Confident Gen. Groves

From an interview in the October 1945 issue of Collier’s magazine, General Leslie R. Groves emerges as an extraordinarily decisive person who did not harbor self-doubts or worries during the Manhattan Project.

Document Type:
Gen. Groves.

From “The Man Who Made Manhattan” by Robert De Vore

In the days when he was building Army camps, Groves insisted upon quick decisions. It was a standing rule that all questions on the sites had to be answered in twenty-four hours or an explanation given. In Manhattan, Groves cut the time for decisions down to one hour or less—even for the most complicated ones. He can remember only one occasion when it took longer to reach a decision.

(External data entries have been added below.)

(* Let $T>0$, $a\ge0$, and let $y$ be a non-negative, continuous, non-decreasing function on $[0,T)$. Let $F$ be a non-negative continuous function on $[2,+\infty)\times\mathbb{R}_+$ which is increasing with respect to its second variable. Assume that for every $0<t_0<t_1<T$ and every $p\in[2,+\infty)$, $$y(t_1)-y(t_0)\le a(t_1-t_0)+\int_{t_0}^{t_1}F(p,y(s))\,ds.$$ Let $\mu:\mathbb{R}_+\to\mathbb{R}_+$ be continuous, and assume that for every $x\ge0$ there exists $p_x\in[2,+\infty)$ such that $F(p_x,x)\le\mu(x)$. Then for all $0<t<T$, $$y(t)-y(0)\le at+\int_0^t\mu(y(s))\,ds.$$ *)

From Stdlib Require Import Reals.
From Coquelicot Require Import Coquelicot.
Open Scope R_scope.

Definition continuous_on2 (D : R * R -> Prop) (F : R -> R -> R) : Prop :=
  forall z, D z ->
    filterlim (fun w : R * R => F (fst w) (snd w)) (within D (locally z))
      (locally (F (fst z) (snd z))).

(* Fix 0 < t0 <= t and eps > 0, and prove
     y s - y t0 <= a (s - t0) + \int_t0^s mu (y) + eps (s - t0)
   for all s in [t0, t] by real induction.  To step from s to s + h, take the
   exponent p given by the hypothesis on mu at the point y (s + h): as F p is
   increasing and y non-decreasing, the integral of F p (y) over [s, s + h] is
   at most h F p (y (s + h)) <= h mu (y (s + h)), and continuity of mu o y at s
   compares this with the integral of mu (y) up to eps h.  Limits from the left
   are handled by continuity of y and the monotonicity in s of the right-hand
   side.  Finally let eps -> 0, and t0 -> 0 using continuity of y at 0. *)

From Stdlib Require Import Reals Lra Classical.
From Coquelicot Require Import Coquelicot.
Open Scope R_scope.

Lemma filterlim_within {T U : Type} {F : (T -> Prop) -> Prop} {FF : Filter F}
  (G : (U -> Prop) -> Prop) (E : U -> Prop) (f : T -> U) :
  filterlim f F G -> F (fun x => E (f x)) -> filterlim f F (within E G).
Proof.
  intros Hf HE P HP. unfold filtermap.
  apply (filter_imp (fun x => E (f x) /\ (E (f x) -> P (f x)))).
  - intros x [Ex HPx]. exact (HPx Ex).
  - apply filter_and; [exact HE | exact (Hf _ HP)].
Qed.

Lemma continuous_on_comp {U V W : UniformSpace} (D : U -> Prop) (E : V -> Prop)
  (f : U -> V) (g : V -> W) :
  (forall x, D x -> E (f x)) -> continuous_on D f -> continuous_on E g ->
  continuous_on D (fun x => g (f x)).
Proof.
  intros DE Hf Hg x Dx.
  apply filterlim_comp with (within E (locally (f x))); [|exact (Hg _ (DE x Dx))].
  apply filterlim_within; [exact (Hf x Dx)|].
  unfold within; apply filter_forall. exact DE.
Qed.

Lemma continuous_on2_slice (D : R * R -> Prop) (F : R -> R -> R) (p : R) :
  continuous_on2 D F -> continuous_on (fun x => D (p, x)) (F p).
Proof.
  intros HF x Dx.
  apply (filterlim_comp _ _ _ (fun z => (p, z)) (fun w => F (fst w) (snd w))
    _ (within D (locally (p, x)))); [|exact (HF (p, x) Dx)].
  apply filterlim_within.
  - intros P [eps HP]. apply filter_le_within.
    exists eps. intros z Hz. apply HP. split; [apply ball_center | exact Hz].
  - unfold within; apply filter_forall. easy.
Qed.

Lemma Rabs_clamp_le (a b u v : R) :
  Rabs (Rmax a (Rmin b u) - Rmax a (Rmin b v)) <= Rabs (u - v).
Proof.
  unfold Rmax, Rmin; repeat destruct Rle_dec; unfold Rabs;
    repeat destruct Rcase_abs; lra.
Qed.

Lemma continuous_clamp (a b z : R) : continuous (fun x => Rmax a (Rmin b x)) z.
Proof.
  apply filterlim_locally. intros eps. exists eps. intros w Hw.
  exact (Rle_lt_trans _ _ _ (Rabs_clamp_le a b w z) Hw).
Qed.

Lemma ex_RInt_continuous_on (D : R -> Prop) (f : R -> R) (a b : R) :
  a <= b -> (forall x, a <= x <= b -> D x) -> continuous_on D f -> ex_RInt f a b.
Proof.
  intros Hab HD Hf.
  (* [ex_RInt_continuous] needs continuity on R: compose f with a clamp to [a, b]. *)
  set (clamp := fun x => Rmax a (Rmin b x)).
  assert (clamp_id : forall x, a <= x <= b -> clamp x = x).
  { intros x Hx. unfold clamp. rewrite Rmin_right, Rmax_right; lra. }
  apply ex_RInt_ext with (fun x => f (clamp x)).
  { rewrite Rmin_left, Rmax_right by lra. intros x Hx.
    apply f_equal, clamp_id. lra. }
  apply (@ex_RInt_continuous R_CompleteNormedModule).
  rewrite Rmin_left, Rmax_right by lra. intros z Hz.
  assert (Hclamp : continuous clamp z) by apply continuous_clamp.
  unfold continuous in Hclamp |- *. rewrite (clamp_id z Hz) in Hclamp |- *.
  apply filterlim_comp with (within D (locally z)); [|exact (Hf z (HD z Hz))].
  apply filterlim_within; [exact Hclamp|].
  apply filter_forall. intros x. apply HD. unfold clamp.
  split; [apply Rmax_l | apply Rmax_lub; [lra | apply Rmin_l]].
Qed.

Lemma continuous_on_Rabs (D : R -> Prop) (f : R -> R) (x eps : R) :
  continuous_on D f -> D x -> 0 < eps ->
  exists d, 0 < d /\ forall z, D z -> Rabs (z - x) < d -> Rabs (f z - f x) < eps.
Proof.
  intros Hf Dx Heps.
  destruct (proj1 (filterlim_locally _ _) (Hf x Dx) (mkposreal eps Heps)) as [d Hd].
  exists d. split; [apply cond_pos|]. intros z Dz Hz. exact (Hd z Hz Dz).
Qed.

Lemma continuous_on_approx_left (D : R -> Prop) (f : R -> R) (l s eps : R) :
  continuous_on D f -> (forall u, l <= u <= s -> D u) -> l < s -> 0 < eps ->
  exists u, l <= u < s /\ Rabs (f u - f s) < eps.
Proof.
  intros Hf HD Hls Heps.
  destruct (continuous_on_Rabs D f s eps Hf (HD s ltac:(lra)) Heps) as [d [Hd Hfd]].
  assert (Hm : 0 < Rmin d (s - l)) by (apply Rmin_pos; lra).
  pose proof (Rmin_l d (s - l)). pose proof (Rmin_r d (s - l)).
  exists (s - Rmin d (s - l) / 2). split; [lra|].
  apply Hfd; [apply HD; lra|]. rewrite Rabs_left; lra.
Qed.

Lemma continuous_on_approx_right (D : R -> Prop) (f : R -> R) (s r eps : R) :
  continuous_on D f -> (forall u, s <= u <= r -> D u) -> s < r -> 0 < eps ->
  exists u, s < u <= r /\ Rabs (f u - f s) < eps.
Proof.
  intros Hf HD Hsr Heps.
  destruct (continuous_on_Rabs D f s eps Hf (HD s ltac:(lra)) Heps) as [d [Hd Hfd]].
  assert (Hm : 0 < Rmin d (r - s)) by (apply Rmin_pos; lra).
  pose proof (Rmin_l d (r - s)). pose proof (Rmin_r d (r - s)).
  exists (s + Rmin d (r - s) / 2). split; [lra|].
  apply Hfd; [apply HD; lra|]. rewrite Rabs_right; lra.
Qed.

Lemma RInt_le_const (f : R -> R) (a b M : R) :
  a <= b -> ex_RInt f a b -> (forall x, a < x < b -> f x <= M) ->
  RInt f a b <= (b - a) * M.
Proof.
  intros Hab Hf HM.
  replace ((b - a) * M) with (RInt (fun _ => M) a b)
    by (rewrite RInt_const; reflexivity).
  apply RInt_le; [exact Hab | exact Hf | apply ex_RInt_const | exact HM].
Qed.

Lemma RInt_ge_const (f : R -> R) (a b m : R) :
  a <= b -> ex_RInt f a b -> (forall x, a < x < b -> m <= f x) ->
  (b - a) * m <= RInt f a b.
Proof.
  intros Hab Hf Hm.
  replace ((b - a) * m) with (RInt (fun _ => m) a b)
    by (rewrite RInt_const; reflexivity).
  apply RInt_le; [exact Hab | apply ex_RInt_const | exact Hf | exact Hm].
Qed.

Lemma real_induction (P : R -> Prop) (a b : R) :
  a <= b -> P a ->
  (forall s, a < s <= b -> (forall u, a <= u < s -> P u) -> P s) ->
  (forall s, a <= s < b -> P s ->
     exists d, 0 < d /\ forall h, 0 < h < d -> s + h <= b -> P (s + h)) ->
  P b.
Proof.
  intros Hab Pa Hclosed Hstep.
  set (E := fun u => a <= u <= b /\ forall v, a <= v <= u -> P v).
  assert (Ea : E a).
  { split; [lra|]. intros v Hv. replace v with a by lra. exact Pa. }
  destruct (completeness E) as [S [HS_ub HS_lub]].
  { exists b. intros u [Hu _]. lra. }
  { exists a. exact Ea. }
  assert (HaS : a <= S) by exact (HS_ub a Ea).
  assert (HSb : S <= b) by (apply HS_lub; intros u [Hu _]; lra).
  assert (below_S : forall v, a <= v < S -> P v).
  { intros v Hv. apply NNPP. intros nPv.
    enough (S <= v) by lra.
    apply HS_lub. intros u [Hu Pu].
    destruct (Rle_lt_dec u v) as [Huv | Hvu]; [exact Huv|].
    exfalso. apply nPv, Pu. lra. }
  assert (ES : E S).
  { split; [lra|]. intros v Hv.
    destruct (Rlt_le_dec v S) as [HvS | HSv]; [apply below_S; lra|].
    replace v with S by lra.
    destruct (Rle_lt_dec S a) as [HSa | HaS'].
    - replace S with a by lra. exact Pa.
    - apply Hclosed; [lra | exact below_S]. }
  destruct (Rle_lt_dec b S) as [HbS | HSb'].
  - apply (proj2 ES). lra.
  - destruct (Hstep S ltac:(lra) (proj2 ES S ltac:(lra))) as [d [Hd Hd_step]].
    set (h := Rmin d (b - S) / 2).
    assert (Hm : 0 < Rmin d (b - S)) by (apply Rmin_pos; lra).
    pose proof (Rmin_l d (b - S)). pose proof (Rmin_r d (b - S)).
    enough (ESh : E (S + h)) by (pose proof (HS_ub _ ESh); unfold h in *; lra).
    split; [unfold h; lra|]. intros v Hv.
    destruct (Rle_lt_dec v S) as [HvS | HSv].
    + apply (proj2 ES). lra.
    + replace v with (S + (v - S)) by ring.
      apply Hd_step; unfold h in *; lra.
Qed.

Section IncrementComparison.

Context {T a : R} {y : R -> R} {F : R -> R -> R} {mu : R -> R}.
Hypothesis ha : 0 <= a.
Hypothesis hy_nonneg : forall t, 0 <= t < T -> 0 <= y t.
Hypothesis hy_cont : continuous_on (fun t => 0 <= t < T) y.
Hypothesis hy_mono : forall s t, 0 <= s -> s <= t -> t < T -> y s <= y t.
Hypothesis hF_cont : continuous_on2 (fun z => 2 <= fst z /\ 0 <= snd z) F.
Hypothesis hF_mono : forall p x x', 2 <= p -> 0 <= x -> x <= x' -> F p x <= F p x'.
Hypothesis hineq : forall t0 t1 p, 0 < t0 -> t0 < t1 -> t1 < T -> 2 <= p ->
  y t1 - y t0 <= a * (t1 - t0) + RInt (fun s => F p (y s)) t0 t1.
Hypothesis hmu_nonneg : forall x, 0 <= x -> 0 <= mu x.
Hypothesis hmu_cont : continuous_on (fun x => 0 <= x) mu.
Hypothesis hmu_bound : forall x, 0 <= x -> exists px, 2 <= px /\ F px x <= mu x.

Lemma continuous_on_mu_y : continuous_on (fun t => 0 <= t < T) (fun s => mu (y s)).
Proof. exact (continuous_on_comp _ _ y mu hy_nonneg hy_cont hmu_cont). Qed.

Lemma ex_RInt_mu_y (u v : R) :
  0 <= u <= v -> v < T -> ex_RInt (fun s => mu (y s)) u v.
Proof.
  intros Huv HvT.
  apply (ex_RInt_continuous_on (fun t => 0 <= t < T)); [lra | intros; lra |].
  exact continuous_on_mu_y.
Qed.

Lemma ex_RInt_F_y (p u v : R) :
  2 <= p -> 0 <= u <= v -> v < T -> ex_RInt (fun s => F p (y s)) u v.
Proof.
  intros Hp Huv HvT.
  apply (ex_RInt_continuous_on (fun t => 0 <= t < T)); [lra | intros; lra |].
  apply (continuous_on_comp _ (fun x => 0 <= x)); [exact hy_nonneg | exact hy_cont |].
  apply continuous_on_subset with (fun x => 2 <= fst (p, x) /\ 0 <= snd (p, x)).
  - intros x Hx. simpl. lra.
  - exact (continuous_on2_slice _ F p hF_cont).
Qed.

Lemma RInt_mu_y_Chasles (u v w : R) :
  0 <= u <= v -> v <= w -> w < T ->
  RInt (fun s => mu (y s)) u v + RInt (fun s => mu (y s)) v w
  = RInt (fun s => mu (y s)) u w.
Proof.
  intros Huv Hvw HwT.
  exact (RInt_Chasles _ u v w (ex_RInt_mu_y u v Huv ltac:(lra))
    (ex_RInt_mu_y v w ltac:(lra) HwT)).
Qed.

Lemma RInt_mu_y_ge_0 (u v : R) :
  0 <= u <= v -> v < T -> 0 <= RInt (fun s => mu (y s)) u v.
Proof.
  intros Huv HvT.
  apply RInt_ge_0; [lra | apply ex_RInt_mu_y; lra |].
  intros x Hx. apply hmu_nonneg, hy_nonneg. lra.
Qed.

Lemma increment_le_mu (s s' : R) :
  0 < s < s' -> s' < T -> y s' - y s <= (s' - s) * (a + mu (y s')).
Proof.
  intros Hss' Hs'T.
  destruct (hmu_bound (y s') (hy_nonneg s' ltac:(lra))) as [p [Hp HFp]].
  assert (HF_le : RInt (fun u => F p (y u)) s s' <= (s' - s) * F p (y s')).
  { apply RInt_le_const; [lra | apply ex_RInt_F_y; lra |].
    intros x Hx. apply hF_mono; [exact Hp | apply hy_nonneg; lra | apply hy_mono; lra]. }
  assert (HF_mu : (s' - s) * F p (y s') <= (s' - s) * mu (y s'))
    by (apply Rmult_le_compat_l; lra).
  pose proof (hineq s s' p ltac:(lra) ltac:(lra) Hs'T Hp).
  lra.
Qed.

Lemma increment_le_RInt_local (s eps : R) :
  0 < s < T -> 0 < eps ->
  exists d, 0 < d /\ forall h, 0 < h < d -> s + h < T ->
    y (s + h) - y s <= a * h + RInt (fun u => mu (y u)) s (s + h) + eps * h.
Proof.
  intros Hs Heps.
  destruct (continuous_on_Rabs _ _ s (eps / 2) continuous_on_mu_y ltac:(lra) ltac:(lra))
    as [d [Hd Hosc]].
  exists d. split; [exact Hd|]. intros h Hh HhT.
  assert (Hnear : forall x, s <= x <= s + h -> Rabs (mu (y x) - mu (y s)) < eps / 2).
  { intros x Hx. apply Hosc; [lra|]. rewrite Rabs_right; lra. }
  assert (Hlow : h * (mu (y (s + h)) - eps) <= RInt (fun u => mu (y u)) s (s + h)).
  { replace h with (s + h - s) at 1 by ring.
    apply RInt_ge_const; [lra | apply ex_RInt_mu_y; lra |].
    intros x Hx.
    pose proof (Rabs_def2 _ _ (Hnear x ltac:(lra))).
    pose proof (Rabs_def2 _ _ (Hnear (s + h) ltac:(lra))).
    lra. }
  pose proof (increment_le_mu s (s + h) ltac:(lra) HhT) as Hinc.
  replace (s + h - s) with h in Hinc by ring.
  lra.
Qed.

Lemma increment_le_RInt_eps (t0 t eps : R) :
  0 < t0 <= t -> t < T -> 0 < eps ->
  y t - y t0 <= a * (t - t0) + RInt (fun s => mu (y s)) t0 t + eps * (t - t0).
Proof.
  intros Ht0 HtT Heps.
  apply (real_induction (fun s =>
    y s - y t0 <= a * (s - t0) + RInt (fun u => mu (y u)) t0 s + eps * (s - t0)) t0 t).
  - lra.
  - rewrite RInt_point. unfold zero; simpl. lra.
  - intros s Hs Hbelow. apply Rle_plus_epsilon. intros eta Heta.
    destruct (continuous_on_approx_left _ y t0 s eta hy_cont ltac:(intros; lra)
      ltac:(lra) Heta) as [u [Hu Hyu]].
    pose proof (Rabs_def2 _ _ Hyu).
    pose proof (Hbelow u Hu).
    pose proof (RInt_mu_y_Chasles t0 u s ltac:(lra) ltac:(lra) ltac:(lra)).
    pose proof (RInt_mu_y_ge_0 u s ltac:(lra) ltac:(lra)).
    assert (a * (u - t0) <= a * (s - t0)) by (apply Rmult_le_compat_l; lra).
    assert (eps * (u - t0) <= eps * (s - t0)) by (apply Rmult_le_compat_l; lra).
    lra.
  - intros s Hs Ps.
    destruct (increment_le_RInt_local s eps ltac:(lra) Heps) as [d [Hd Hstep]].
    exists d. split; [exact Hd|]. intros h Hh Hhb.
    pose proof (Hstep h Hh ltac:(lra)).
    rewrite <- (RInt_mu_y_Chasles t0 s (s + h)) by lra.
    lra.
Qed.

Lemma increment_le_RInt (t0 t : R) :
  0 < t0 <= t -> t < T ->
  y t - y t0 <= a * (t - t0) + RInt (fun s => mu (y s)) t0 t.
Proof.
  intros Ht0 HtT. apply Rle_plus_epsilon. intros e He.
  assert (Het : 0 < e / t) by (apply Rdiv_lt_0_compat; lra).
  pose proof (increment_le_RInt_eps t0 t (e / t) Ht0 HtT Het).
  assert (e / t * (t - t0) <= e / t * t) by (apply Rmult_le_compat_l; lra).
  replace (e / t * t) with e in * by (field; lra).
  lra.
Qed.

End IncrementComparison.

Theorem lemma10p1
  (T a : R) (y : R -> R) (F : R -> R -> R) (mu : R -> R)
  (hT : 0 < T) (ha : 0 <= a)
  (hy_nonneg : forall t, 0 <= t < T -> 0 <= y t)
  (hy_cont : continuous_on (fun t => 0 <= t < T) y)
  (hy_mono : forall s t, 0 <= s -> s <= t -> t < T -> y s <= y t)
  (hF_nonneg : forall p x, 2 <= p -> 0 <= x -> 0 <= F p x)
  (hF_cont : continuous_on2 (fun z => 2 <= fst z /\ 0 <= snd z) F)
  (hF_mono : forall p x x', 2 <= p -> 0 <= x -> x <= x' -> F p x <= F p x')
  (hineq : forall t0 t1 p, 0 < t0 -> t0 < t1 -> t1 < T -> 2 <= p ->
     y t1 - y t0 <= a * (t1 - t0) + RInt (fun s => F p (y s)) t0 t1)
  (hmu_nonneg : forall x, 0 <= x -> 0 <= mu x)
  (hmu_cont : continuous_on (fun x => 0 <= x) mu)
  (hmu_bound : forall x, 0 <= x -> exists px, 2 <= px /\ F px x <= mu x) :
  forall t, 0 < t < T -> y t - y 0 <= a * t + RInt (fun s => mu (y s)) 0 t.
Proof.
  intros t Ht. apply Rle_plus_epsilon. intros e He.
  destruct (continuous_on_approx_right _ y 0 t e hy_cont ltac:(intros; lra)
    ltac:(lra) He) as [t0 [Ht0 Hy0]].
  pose proof (Rabs_def2 _ _ Hy0).
  pose proof (increment_le_RInt ha hy_nonneg hy_cont hy_mono hF_cont hF_mono hineq
    hmu_nonneg hmu_cont hmu_bound t0 t ltac:(lra) ltac:(lra)).
  pose proof (RInt_mu_y_Chasles hy_nonneg hy_cont hmu_cont 0 t0 t
    ltac:(lra) ltac:(lra) ltac:(lra)).
  pose proof (RInt_mu_y_ge_0 hy_nonneg hy_cont hmu_nonneg hmu_cont 0 t0
    ltac:(lra) ltac:(lra)).
  pose proof (Rmult_le_pos a t0 ha ltac:(lra)).
  lra.
Qed.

That was when they had to put up at Hanford Engineer Works “things” (someday the world may know the secret of those “things”) that they couldn’t be sure would be needed. They only knew that they either were building essential parts of the plant, or, said Groves, “monuments to a bad guess.”

You can’t explain General Groves by the little things that keep up the morale of many men. He never lost faith in his ability to succeed. He and his friends will tell you that quite simply and without pretension. His friends would ask him how he bore his responsibilities. He would grin and reply, “If I can’t do the job, no one man can.”

“My emotional graph is a straight line,” Groves told me. “I never worried. This job would never have been done if I had. I never had any doubts. Not having any doubts, I could not feel very surprised or elated by our success.”